Muro Shigeo, Ishida Masato, Horie Yoshiharu, Takeuchi Wataru, Nakagawa Shunki, Ban Hideyuki, Nakagawa Tohru, Kitamura Tetsuhisa
Department of Respiratory Medicine, Nara Medical University, Nara, Japan.
Department of Respiratory and Immunology, Medical, AstraZeneca KK, Osaka, Japan.
JMIR Med Inform. 2021 Jul 6;9(7):e24796. doi: 10.2196/24796.
Airflow limitation is a critical physiological feature in chronic obstructive pulmonary disease (COPD), for which long-term exposure to noxious substances, including tobacco smoke, is an established risk. However, not all long-term smokers develop COPD, meaning that other risk factors exist.
This study aimed to predict the risk factors for COPD diagnosis using machine learning in an annual medical check-up database.
In this retrospective observational cohort study (ARTDECO [Analysis of Risk Factors to Detect COPD]), annual medical check-up records for all Hitachi Ltd employees in Japan collected from April 1998 to March 2019 were analyzed. Employees who provided informed consent via an opt-out model were screened and those aged 30 to 75 years without a prior diagnosis of COPD/asthma or a history of cancer were included. The database included clinical measurements (eg, pulmonary function tests) and questionnaire responses. To predict the risk factors for COPD diagnosis within a 3-year period, the Gradient Boosting Decision Tree machine learning (XGBoost) method was applied as a primary approach, with logistic regression as a secondary method. A diagnosis of COPD was made when the ratio of the prebronchodilator forced expiratory volume in 1 second (FEV) to prebronchodilator forced vital capacity (FVC) was <0.7 during two consecutive examinations.
Of the 26,101 individuals screened, 1213 met the exclusion criteria, and thus, 24,815 individuals were included in the analysis. The top 10 predictors for COPD diagnosis were FEV/FVC, smoking status, allergic symptoms, cough, pack years, hemoglobin A, serum albumin, mean corpuscular volume, percent predicted vital capacity, and percent predicted value of FEV. The areas under the receiver operating characteristic curves of the XGBoost model and the logistic regression model were 0.956 and 0.943, respectively.
Using a machine learning model in this longitudinal database, we identified a number of parameters as risk factors other than smoking exposure or lung function to support general practitioners and occupational health physicians to predict the development of COPD. Further research to confirm our results is warranted, as our analysis involved a database used only in Japan.

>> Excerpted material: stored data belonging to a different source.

Lemma submE (R : rcfType) m (A B : {set 'I_m}) (M : 'M[R]_m) :
  subm A B M = (sel R A)^T *m M *m sel R B.
Proof.
apply/matrixP => k l; rewrite !mxE (bigD1 (enum_val l)) //= big1 ?addr0.
  rewrite !mxE eqxx mulr1 (bigD1 (enum_val k)) //= big1 ?addr0; first by rewrite !mxE eqxx mul1r.
  by move=> i /negPf ni; rewrite !mxE ?ni ?(eq_sym i) ?ni ?mul0r ?mulr0.
by move=> i /negPf ni; rewrite !mxE ni mulr0.
Qed.

Lemma subv_compl_sel (R : rcfType) m (S : {set 'I_m}) (a : 'cV[R]_#|S|) :
  subv (~: S) (sel R S *m a) = 0.
Proof. by rewrite subvE mulmxA sel_compl_orth mul0mx. Qed.

Lemma block_complete_square (R : comPzRingType) s c (a : 'cV[R]_s) (b : 'cV[R]_c)
    (A M : 'M[R]_s) (B : 'M[R]_(s, c)) (C : 'M[R]_c) :
  A *m M = 1%:M -> M *m A = 1%:M -> M^T = M ->
  a^T *m A *m a + a^T *m B *m b + b^T *m B^T *m a + b^T *m C *m b =
  (a + M *m (B *m b))^T *m A *m (a + M *m (B *m b)) + b^T *m (C - B^T *m M *m B) *m b.
Proof.
move=> hAM hMA hM; rewrite !linearD /= !trmx_mul hM ?mulmxDl ?mulmxDr ?mulmxA.
rewrite -[a^T *m A *m M]mulmxA hAM mulmx1 -[b^T *m B^T *m M *m A]mulmxA hMA mulmx1.
rewrite mulmxN mulNmx.
have -> : b^T *m (B^T *m M *m B) *m b = b^T *m B^T *m M *m B *m b by rewrite !mulmxA.
rewrite -!addrA (addrC (b^T *m B^T *m M *m B *m b)) subrK.
by congr (_ + _); rewrite addrCA.
Qed.

Section QuadForm.
Variables (R : rcfType) (n : nat).
Implicit Types (u v x w : 'cV[R]_n) (A Q : 'M[R]_n).

Lemma qf0 A : qf 0 A = 0.
Proof. by rewrite /qf mulmx0 mxE. Qed.

Lemma qfB u (A B : 'M[R]_n) : qf u (A - B) = qf u A - qf u B.
Proof. by rewrite /qf mulmxBr mulmxBl !mxE. Qed.

Lemma qfZ (t : R) u A : qf (t *: u) A = t ^+ 2 * qf u A.
Proof. by rewrite /qf !linearZ /= -!scalemxAl !mxE mulrA expr2. Qed.

Lemma qf_scalar u (e : R) : qf u e%:M = e * \sum_k u k 0 ^+ 2.
Proof.
rewrite /qf mul_mx_scalar -scalemxAl mxE mxE; congr (_ * _).
by apply: eq_bigr => k _; rewrite mxE expr2.
Qed.

Lemma sumsq_gt0 u : u != 0 -> 0 < \sum_k u k 0 ^+ 2.
Proof.
move=> nu; rewrite lt_def sumr_ge0 ?andbT; last by move=> k _; rewrite sqr_ge0.
apply/eqP => h; move/eqP: nu; apply; apply/matrixP => k z.
rewrite ord1 mxE; apply/eqP; rewrite -sqrf_eq0; apply/eqP.
by apply: (psumr_eq0P _ h) => // i _; rewrite sqr_ge0.
Qed.

Lemma qf_mulmx k (P : 'M[R]_(n, k)) (A : 'M[R]_n) (x : 'cV[R]_k) :
  qf x (P^T *m A *m P) = qf (P *m x) A.
Proof. by rewrite /qf trmx_mul !mulmxA. Qed.

Lemma qf_conj k (P : 'M[R]_(n, k)) (X : 'M[R]_k) u :
  qf u (P *m X *m P^T) = qf (P^T *m u) X.
Proof. by rewrite /qf trmx_mul trmxK !mulmxA. Qed.

Lemma posdef_ge0 A : posdef A -> forall u, 0 <= qf u A.
Proof.
move=> [_ hA] u; case: (eqVneq u 0) => [->|nu]; first by rewrite qf0.
exact: ltW (hA u nu).
Qed.

Lemma qf_polar Q x y : Q^T = Q ->
  qf (x + y) Q = qf x Q + qf y Q + 2 * (x^T *m Q *m y) 0 0.
Proof.
move=> hQ; have sym : (y^T *m Q *m x) 0 0 = (x^T *m Q *m y) 0 0.
  transitivity ((y^T *m Q *m x)^T 0 0); first by rewrite [RHS]mxE.
  by rewrite !trmx_mul trmxK hQ mulmxA.
have entryD (X Y : 'M[R]_1) : (X + Y) 0 0 = X 0 0 + Y 0 0 by rewrite mxE.
rewrite /qf [(x + y)^T]linearD /= !mulmxDl !mulmxDr !entryD sym; lra.
Qed.

(* A null vector of a positive semidefinite symmetric form is orthogonal to everything:
   otherwise the form would be negative somewhere on the line x + t w. *)
Lemma psd_null_orth Q x w : Q^T = Q -> (forall v, 0 <= qf v Q) ->
  qf w Q = 0 -> (x^T *m Q *m w) 0 0 = 0.
Proof.
move=> hQ hpsd hw; apply/eqP/negP => /negP nb.
set b := (x^T *m Q *m w) 0 0 in nb.
set t := - (qf x Q + 1) / (2 * b).
have twice_tb : 2 * (t * b) = - (qf x Q + 1).
  by rewrite /t mulrCA -mulrA mulVf ?mulr1 // mulf_neq0 // pnatr_eq0.
have := hpsd (x + t *: w); rewrite qf_polar // qfZ hw mulr0 addr0.
by rewrite -scalemxAr mxE -/b twice_tb; lra.
Qed.

Lemma qf_add_null Q x w : Q^T = Q -> (forall v, 0 <= qf v Q) ->
  qf w Q = 0 -> qf (x + w) Q = qf x Q.
Proof.
by move=> hQ hpsd hw; rewrite qf_polar // hw psd_null_orth // mulr0 !addr0.
Qed.

End QuadForm.

Lemma le_of_forall_pos_slope (R : realFieldType) (x y s : R) : 0 <= s ->
  (forall e, 0 < e -> x <= y + e * s) -> x <= y.
Proof.
move=> hs h; apply/ler_addgt0Pr => e he.
have hs1 : 0 < s + 1 by rewrite ltr_wpDl.
apply: (le_trans (h _ (divr_gt0 he hs1))); rewrite lerD2l mulrAC ler_pdivrMr //.
by rewrite mulrDr mulr1 lerDl ltW.
Qed.

Section Schur.
Variables (R : rcfType) (m : nat) (S : {set 'I_m}) (Sigma : 'M[R]_m).
Hypothesis Sigma_pd : posdef Sigma.

Local Notation PS := (sel R S).
Local Notation PC := (sel R (~: S)).
Local Notation SigSS := (PS^T *m Sigma *m PS).
Local Notation SigSC := (PS^T *m Sigma *m PC).

Let Sigma_sym : Sigma^T = Sigma. Proof. by case: Sigma_pd. Qed.

Lemma schurE : schur S Sigma =
  PC^T *m Sigma *m PC - SigSC^T *m invmx SigSS *m SigSC.
Proof. by rewrite /schur !submE !trmx_mul trmxK Sigma_sym !mulmxA. Qed.

Lemma principal_block_unit : SigSS \in unitmx.
Proof.
case: Sigma_pd => _ hp; rewrite unitmxE unitfE; apply/negP => /det0P [v nv hv].
have nv' : PS *m v^T != 0.
  apply: contra nv => /eqP h; rewrite -trmx_eq0.
  by rewrite -[v^T]mul1mx -(sel_orthonormal R S) -mulmxA h mulmx0.
by have := hp _ nv'; rewrite -qf_mulmx /qf trmxK hv mul0mx mxE ltxx.
Qed.

Lemma schur_sym : (schur S Sigma)^T = schur S Sigma.
Proof.
rewrite schurE linearB /= !trmx_mul !trmxK trmx_inv !trmx_mul Sigma_sym.
by rewrite !trmxK !mulmxA.
Qed.

(* The S-part of u shifted so that the cross terms are absorbed. *)
Definition schur_shift (u : 'cV[R]_m) : 'cV[R]_#|S| :=
  PS^T *m u + invmx SigSS *m (SigSC *m (PC^T *m u)).

Lemma qf_schur_decomp u :
  qf u Sigma = qf (schur_shift u) SigSS + qf (PC^T *m u) (schur S Sigma).
Proof.
have entryD (X Y : 'M[R]_1) : X 0 0 + Y 0 0 = (X + Y) 0 0 by rewrite mxE.
rewrite schurE /qf /schur_shift entryD -block_complete_square; first last.
- by rewrite trmx_inv !trmx_mul trmxK Sigma_sym !mulmxA.
- exact/mulVmx/principal_block_unit.
- exact/mulmxV/principal_block_unit.
set a := PS^T *m u; set b := PC^T *m u.
have hu : u = PS *m a + PC *m b by rewrite /a /b !mulmxA -mulmxDl sel_partition mul1mx.
rewrite [in LHS]hu !linearD /= !mulmxDl !trmx_mul !trmxK Sigma_sym !mulmxA !mxE.
by rewrite !addrA; congr (_ + _); rewrite addrAC.
Qed.

Lemma schur_le_qf u : qf (PC^T *m u) (schur S Sigma) <= qf u Sigma.
Proof.
by rewrite qf_schur_decomp lerDr qf_mulmx posdef_ge0.
Qed.

Definition schur_resid (u : 'cV[R]_m) : 'cV[R]_m := u - PS *m schur_shift u.

Lemma qf_schur_resid u :
  qf (schur_resid u) Sigma = qf (PC^T *m u) (schur S Sigma).
Proof.
have hC : PC^T *m schur_resid u = PC^T *m u.
  by rewrite mulmxBr mulmxA sel_compl_orth mul0mx subr0.
have hS : schur_shift (schur_resid u) = 0.
  rewrite /schur_shift hC mulmxBr mulmxA sel_orthonormal mul1mx.
  by rewrite /schur_shift opprD addrA subrr sub0r addNr.
by rewrite qf_schur_decomp hS hC qf0 add0r.
Qed.

(* Replacing the S^c block of Sigma so that its Schur complement becomes e*I keeps
   positive definiteness, for any e > 0. *)
Lemma posdef_schur_shift e : 0 < e ->
  posdef (Sigma - PC *m (schur S Sigma - e%:M) *m PC^T).
Proof.
move=> he; case: (Sigma_pd) => _ hp; split.
  rewrite linearB /= !trmx_mul trmxK linearB /= schur_sym tr_scalar_mx Sigma_sym.
  by rewrite mulmxA.
move=> v nv; rewrite qfB qf_conj.
case: (eqVneq (PC^T *m v) 0) => [->|nb]; first by rewrite qf0 subr0 hp.
rewrite qfB qf_scalar.
have := schur_le_qf v; have := mulr_gt0 he (sumsq_gt0 nb); lra.
Qed.

End Schur.

Section Characterization.
Variables (R : rcfType) (m : nat) (S : {set 'I_m}) (Gamma : 'M[R]_m -> 'M[R]_m).

(* The hypotheses of the proposition, with the common denominator cleared. *)
Hypothesis Gamma_sym : forall Sigma, posdef Sigma -> (Gamma Sigma)^T = Gamma Sigma.
Hypothesis Gamma_bounds : forall Sigma, posdef Sigma -> forall u : 'cV[R]_m,
  0 <= qf u (Gamma Sigma) /\ qf u (Gamma Sigma) <= qf u Sigma.
Hypothesis Gamma_exact : forall Sigma, posdef Sigma -> forall u : 'cV[R]_m,
  subv (~: S) u = 0 -> qf u (Gamma Sigma) = qf u Sigma.
Hypothesis Gamma_local : forall Sigma Sigma', posdef Sigma -> posdef Sigma' ->
  (forall i j, ~~ ((i \notin S) && (j \notin S)) -> Sigma i j = Sigma' i j) ->
  Gamma Sigma = Gamma Sigma'.

Variables (Sigma : 'M[R]_m) (u : 'cV[R]_m).
Hypothesis Sigma_pd : posdef Sigma.

Local Notation PC := (sel R (~: S)).

(* Sigma - Gamma(Sigma) is psd and null on S-supported vectors, so it takes the
   same value at u and at its residual, where Sigma equals the Schur term. *)
Lemma Gamma_lower : qf u Sigma - qf (PC^T *m u) (schur S Sigma) <= qf u (Gamma Sigma).
Proof.
set Q := Sigma - Gamma Sigma.
have Q_sym : Q^T = Q by rewrite /Q linearB /= Gamma_sym //; case: Sigma_pd => ->.
have Q_psd v : 0 <= qf v Q by rewrite qfB subr_ge0; case: (Gamma_bounds Sigma_pd v).
have Q_null : qf (sel R S *m schur_shift S Sigma u) Q = 0.
  by rewrite qfB Gamma_exact ?subrr ?subv_compl_sel.
have Q_resid : qf u Q = qf (schur_resid S Sigma u) Q.
  by rewrite -[in LHS](subrK (sel R S *m schur_shift S Sigma u) u) qf_add_null.
have [resid_ge0 _] := Gamma_bounds Sigma_pd (schur_resid S Sigma u).
by move: Q_resid; rewrite !(qfB _ Sigma) qf_schur_resid //; lra.
Qed.

(* Gamma(Sigma) = Gamma(Sigma_e) with Sigma_e of Schur complement e*I, and
   Gamma(Sigma_e) <= Sigma_e; let e tend to 0. *)
Lemma Gamma_upper : qf u (Gamma Sigma) <= qf u Sigma - qf (PC^T *m u) (schur S Sigma).
Proof.
apply: (@le_of_forall_pos_slope _ _ _ (\sum_k (PC^T *m u) k 0 ^+ 2)).
  by apply: sumr_ge0 => k _; rewrite sqr_ge0.
move=> e he; have Sigma_e_pd := posdef_schur_shift S Sigma_pd he.
have -> : Gamma Sigma = Gamma (Sigma - PC *m (schur S Sigma - e%:M) *m PC^T).
  apply: Gamma_local => // i j hij.
  rewrite mxE [X in _ + X]mxE sel_compl_block_out ?oppr0 ?addr0 //.
  by move: hij; rewrite negb_and !negbK.
have [_] := Gamma_bounds Sigma_e_pd u.
by rewrite qfB qf_conj qfB qf_scalar; lra.
Qed.

Lemma Gamma_schur : qf u (Gamma Sigma) = qf u Sigma - qf (PC^T *m u) (schur S Sigma).
Proof. by apply/le_anti; rewrite Gamma_lower Gamma_upper. Qed.

End Characterization.

Unset Implicit Arguments. Set Strict Implicit.

Theorem proposition1 (R : rcfType) (m : nat) (S : {set 'I_m}) (se2 : R)
  (Gamma : 'M[R]_m -> 'M[R]_m) :
  (2 <= m)%N -> S != set0 -> S != setT -> 0 < se2 ->
  (forall Sigma, posdef Sigma -> (Gamma Sigma)^T = Gamma Sigma) ->
  (* (i) *)
  (forall Sigma, posdef Sigma -> forall u : 'cV[R]_m,
     0 <= h2S se2 Gamma Sigma u /\ h2S se2 Gamma Sigma u <= h2 se2 Sigma u) ->
  (* (ii) *)
  (forall Sigma, posdef Sigma -> forall u : 'cV[R]_m,
     h2S se2 Gamma Sigma u = h2 se2 Sigma u <-> subv (~: S) u = 0) ->
  (* (iii) *)
  (forall Sigma Sigma', posdef Sigma -> posdef Sigma' ->
     (forall i j, ~~ ((i \notin S) && (j \notin S)) -> Sigma i j = Sigma' i j) ->
     Gamma Sigma = Gamma Sigma') ->
  forall Sigma, posdef Sigma -> forall u : 'cV[R]_m,
    h2S se2 Gamma Sigma u =
      (qf u Sigma - ((subv (~: S) u)^T *m schur S Sigma *m subv (~: S) u) 0 0)
      / (qf u Sigma + se2).
Proof.
move=> _ _ _ se2_gt0 hsym hi hii hiii Sigma Sigma_pd u.
have den_gt0 (Sigma' : 'M[R]_m) (v : 'cV[R]_m) :
    posdef Sigma' -> 0 < qf v Sigma' + se2.
  by move=> hpd; have := posdef_ge0 hpd v; lra.
have bounds (Sigma' : 'M[R]_m) : posdef Sigma' -> forall v,
    0 <= qf v (Gamma Sigma') /\ qf v (Gamma Sigma') <= qf v Sigma'.
  move=> hpd v; have [] := hi Sigma' hpd v; have d := den_gt0 Sigma' v hpd.
  by rewrite /h2S /h2 pmulr_lge0 ?ler_pM2r ?invr_gt0.
have exact_off_Sc (Sigma' : 'M[R]_m) : posdef Sigma' -> forall v,
    subv (~: S) v = 0 -> qf v (Gamma Sigma') = qf v Sigma'.
  move=> hpd v /(hii Sigma' hpd v) /(congr1 (fun z => z * (qf v Sigma' + se2))).
  by rewrite /h2S /h2 !divfK // gt_eqF // den_gt0.
by rewrite /h2S (Gamma_schur hsym bounds exact_off_Sc hiii) // -subvE.
Qed.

气流受限是慢性阻塞性肺疾病(COPD)的关键生理特征,长期接触包括烟草烟雾在内的有害物质是公认的风险因素。然而,并非所有长期吸烟者都会患上COPD,这意味着还存在其他风险因素。
本研究旨在利用机器学习方法,在年度体检数据库中预测COPD诊断的风险因素。
在这项回顾性观察队列研究(ARTDECO [检测COPD的风险因素分析])中,分析了1998年4月至2019年3月收集的所有日立公司日本员工的年度体检记录。通过退出模型提供知情同意的员工经过筛选,纳入年龄在30至75岁之间、既往未诊断为COPD/哮喘或无癌症病史的员工。数据库包括临床测量数据(如肺功能测试)和问卷调查回复。为了预测3年内COPD诊断的风险因素,主要采用梯度提升决策树机器学习(XGBoost)方法,逻辑回归作为次要方法。当两次连续检查时,支气管扩张剂使用前1秒用力呼气量(FEV)与支气管扩张剂使用前用力肺活量(FVC)的比值<0.7时,诊断为COPD。
在筛选的26101名个体中,1213名符合排除标准,因此,24815名个体纳入分析。COPD诊断的前10个预测因素是FEV/FVC、吸烟状况、过敏症状、咳嗽、吸烟包年数、血红蛋白A、血清白蛋白、平均红细胞体积、预测肺活量百分比和FEV预测值百分比。XGBoost模型和逻辑回归模型的受试者工作特征曲线下面积分别为0.956和0.943。
在这个纵向数据库中使用机器学习模型,我们确定了一些除吸烟暴露或肺功能之外的参数作为风险因素,以支持全科医生和职业健康医生预测COPD的发生。由于我们的分析涉及仅在日本使用的数据库,因此有必要进行进一步研究以证实我们的结果。